Der moderne Umfragebetrug wird zunehmend schwieriger zu identifizieren, da viele technische Hürden leicht umgangen werden können. Betrüger nutzen Dienste wie TunnelBear, um ihre IP-Adresse zu verschleiern und ihren Standort zu ändern, wodurch sie an mehreren Umfragen teilnehmen können, die geografische Beschränkungen haben, und so mehrfach Anreize sammeln. Auch Fangfragen verlieren an Wirksamkeit: P&G hat beobachtet, dass Betrüger ihre Bots anpassen, sobald sie Fangfragen erkennen, und diese gezielt umgehen. Um betrügerisches Antwortverhalten zukünftig zuverlässig aufdecken zu können, ist eine ganzheitliche Prüfung der Umfragedaten unerlässlich.

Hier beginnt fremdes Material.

Lemma shear_pontrjagin_iso n (A : 'M[int]_n) (t i : 'I_n) a e :
  (i < t)%N -> strictly_upper A ->
  a%:MP * 'X_i * (a%:MP * 'X_i - alpha A t) = e * relator A i ->
  pontrjagin_iso A (shear_mx A t i a).
Proof.
move=> lt_it upperA shear_rel; have neq_it : i != t by rewrite neq_ltn lt_it.
have inI_back := inI_comp_shear_relator lt_it (shear_mx_upper a lt_it upperA)
  (shear_rel_shear_mx lt_it shear_rel).
rewrite (shear_mxK A a lt_it) in inI_back.
exists (comp_mpoly (shear t i a)); split.
  split.
  - by move=> d p; exact: shear_homog.
  - exact/inI_rmorph/(inI_comp_shear_relator lt_it upperA shear_rel).
  - by move=> p /(inI_rmorph inI_back); rewrite /= (shearK a neq_it).
  - move=> q; exists (comp_mpoly (shear t i (- a)) q).
    have := shearK (- a) neq_it q; rewrite opprK /= => ->.
    by rewrite subrr; exact: inI0.
exact: inI_comp_shear_pontrjagin lt_it upperA shear_rel.
Qed.

Lemma coef_alphaQ n (B : 'M[int]_n) j r :
  (alphaQ B j)@_U_(r) = ((B r j)%:~R : rat).
Proof.
rewrite /alphaQ (raddf_sum (mcoeff U_(r))) (bigD1 r) //= mcoeffZ mcoeffXU eqxx.
rewrite mulr1 big1 ?addr0 // => k /negbTE neq_kr.
by rewrite mcoeffZ mcoeffXU neq_kr mulr0.
Qed.

Lemma coef_yQ n (B : 'M[int]_n) i r :
  (yQ B i)@_U_(r) = (i == r)%:R - 2%:R^-1 * ((B r i)%:~R : rat).
Proof. by rewrite /yQ mcoeffB mcoeffXU mcoeffZ coef_alphaQ. Qed.

Lemma even_exceptional_col n (B : 'M[int]_n) j : even_exceptional B j ->
  exists (i : 'I_n) (k : int), [/\ (i < j)%N, k != 0 &
    forall r, B r j = k * 2 * (r == i)%:R - k * B r i].
Proof.
move=> [i [c [lt_ij [c_neq0 [/dvdzP [k cE] alphaE]]]]].
exists i, k; split => //.
  by apply: contraNneq c_neq0 => k0; rewrite cE k0 mul0r.
move=> r; have := congr1 (mcoeff U_(r)) alphaE.
rewrite mcoeffZ coef_alphaQ coef_yQ cE => coefE.
apply: (@intr_inj rat); rewrite coefE eq_sym.
by case: eqP => _; rewrite ?mulr1 ?mulr0 ?mul0r !(intrD, intrM, intrB) /=; field.
Qed.

Lemma even_exceptional_eq_cols n (A B : 'M[int]_n) (j : 'I_n) :
  (forall r c : 'I_n, (c <= j)%N -> B r c = A r c) ->
  even_exceptional B j -> even_exceptional A j.
Proof.
move=> eq_cols [i [c [lt_ij cE]]]; exists i, c; split => //.
have alphaQE (l : 'I_n) : (l <= j)%N -> alphaQ B l = alphaQ A l.
  by move=> le_lj; apply: eq_bigr => r _; rewrite eq_cols.
by rewrite /yQ -!alphaQE // ltnW.
Qed.

Lemma alpha_of_col n (A : 'M[int]_n) t i k :
  (forall r, A r t = k * 2 * (r == i)%:R - k * A r i) ->
  alpha A t = (k * 2)%:MP * 'X_i - k%:MP * alpha A i.
Proof.
move=> colE.
have -> : (k * 2)%:MP * 'X_i = \sum_(r < n) (k * 2 * (r == i)%:R)%:MP * 'X_r.
  rewrite (bigD1 i) //= eqxx mulr1 big1 ?addr0 // => r /negbTE ->.
  by rewrite mulr0 mpolyC0 mul0r.
rewrite /alpha mulr_sumr -sumrB; apply: eq_bigr => r _.
by rewrite colE mpolyCB mpolyCM; ring.
Qed.

(* One shear replaces column t by -k times column i, which vanishes from
   row i on. *)
Lemma even_exceptional_shear n (A : 'M[int]_n) (t : 'I_n) m :
  strictly_upper A -> (forall r : 'I_n, (m <= r)%N -> A r t = 0) ->
  even_exceptional A t ->
  exists2 m' : nat, (m' < m)%N & exists B : 'M[int]_n,
    [/\ pontrjagin_iso A B, strictly_upper B,
        forall r c : 'I_n, (c < t)%N -> B r c = A r c
      & forall r : 'I_n, (m' <= r)%N -> B r t = 0].
Proof.
move=> upperA col_vanish /even_exceptional_col [i [k [lt_it k_neq0 colE]]].
exists i.
  rewrite ltnNge; apply/negP => /col_vanish /eqP.
  by rewrite colE eqxx upperA // mulr0 subr0 mulr1 mulf_eq0 (negbTE k_neq0).
have shear_rel : k%:MP * 'X_i * (k%:MP * 'X_i - alpha A t) =
    - (k%:MP * k%:MP) * relator A i.
  by rewrite (alpha_of_col colE) /relator mpolyCM; ring.
exists (shear_mx A t i k); split.
- exact: shear_pontrjagin_iso shear_rel.
- exact: shear_mx_upper.
- by move=> r c lt_ct; rewrite mxE shear_row_lt // mulr0 addr0.
- move=> r le_ir; rewrite mxE colE /shear_row eqxx (upperA r i le_ir).
  by rewrite mulr0 subr0 mulrN mulrC subrr.
Qed.

Lemma clear_column n (t : 'I_n) m (A : 'M[int]_n) :
  strictly_upper A -> (forall r : 'I_n, (m <= r)%N -> A r t = 0) ->
  (forall j : 'I_n, (j < t)%N -> ~ even_exceptional A j) ->
  exists B : 'M[int]_n, [/\ pontrjagin_iso A B, strictly_upper B &
    forall j : 'I_n, (j <= t)%N -> ~ even_exceptional B j].
Proof.
elim/ltn_ind: m A => m IHm A upperA col_vanish not_eeA.
have [eeAt|not_eeAt] := classic (even_exceptional A t); last first.
  exists A; split => //; first exact: pontrjagin_iso_refl.
  move=> j; rewrite leq_eqVlt => /orP [/eqP/val_inj -> //|]; exact: not_eeA.
have [m' lt_m'm [B [isoAB upperB eq_cols col_vanishB]]] :=
  even_exceptional_shear upperA col_vanish eeAt.
have not_eeB (j : 'I_n) : (j < t)%N -> ~ even_exceptional B j.
  move=> lt_jt eeBj; apply: (not_eeA j lt_jt).
  apply: (even_exceptional_eq_cols _ eeBj) => r c le_cj.
  exact/eq_cols/(leq_ltn_trans le_cj).
have [C [isoBC upperC not_eeC]] := IHm m' lt_m'm B upperB col_vanishB not_eeB.
by exists C; split => //; exact: pontrjagin_iso_trans isoBC.
Qed.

Auswirkungen auf Forschungsergebnisse
Betrügerische Daten können schwerwiegende Konsequenzen haben. Laut dem 2023 Cybersecurity Ventures Cybercrime Report werden die jährlichen Kosten für Cyberbetrug, zu dem auch Umfragebetrug gehört, bis 2025 weltweit auf 10,5 Billionen Dollar geschätzt. Auf dem Quality Day präsentierte Tia Maurer ein eindringliches Beispiel einer gescheiterten Produkteinführung aufgrund unzuverlässiger Umfragedaten, die Kosten in Millionenhöhe verursachten. Die Pre-Launch-Daten einer klinischen Zahnpasta signalisierten eine hohe Nachfrage und starken Kaufwillen. Doch die Realität sah anders aus: Die Zufriedenheit der Kunden mit dem Produkt und die Absatzzahlen waren erschreckend niedrig. Eine genauere Analyse der Daten ergab, dass die Pre-Launch Ergebnisse alles andere als vertrauenswürdig waren. Die bereinigten Post-Launch-Daten offenbarten eine tatsächliche Kaufabsicht, die weniger als halb so hoch war, wie ursprünglich angenommen.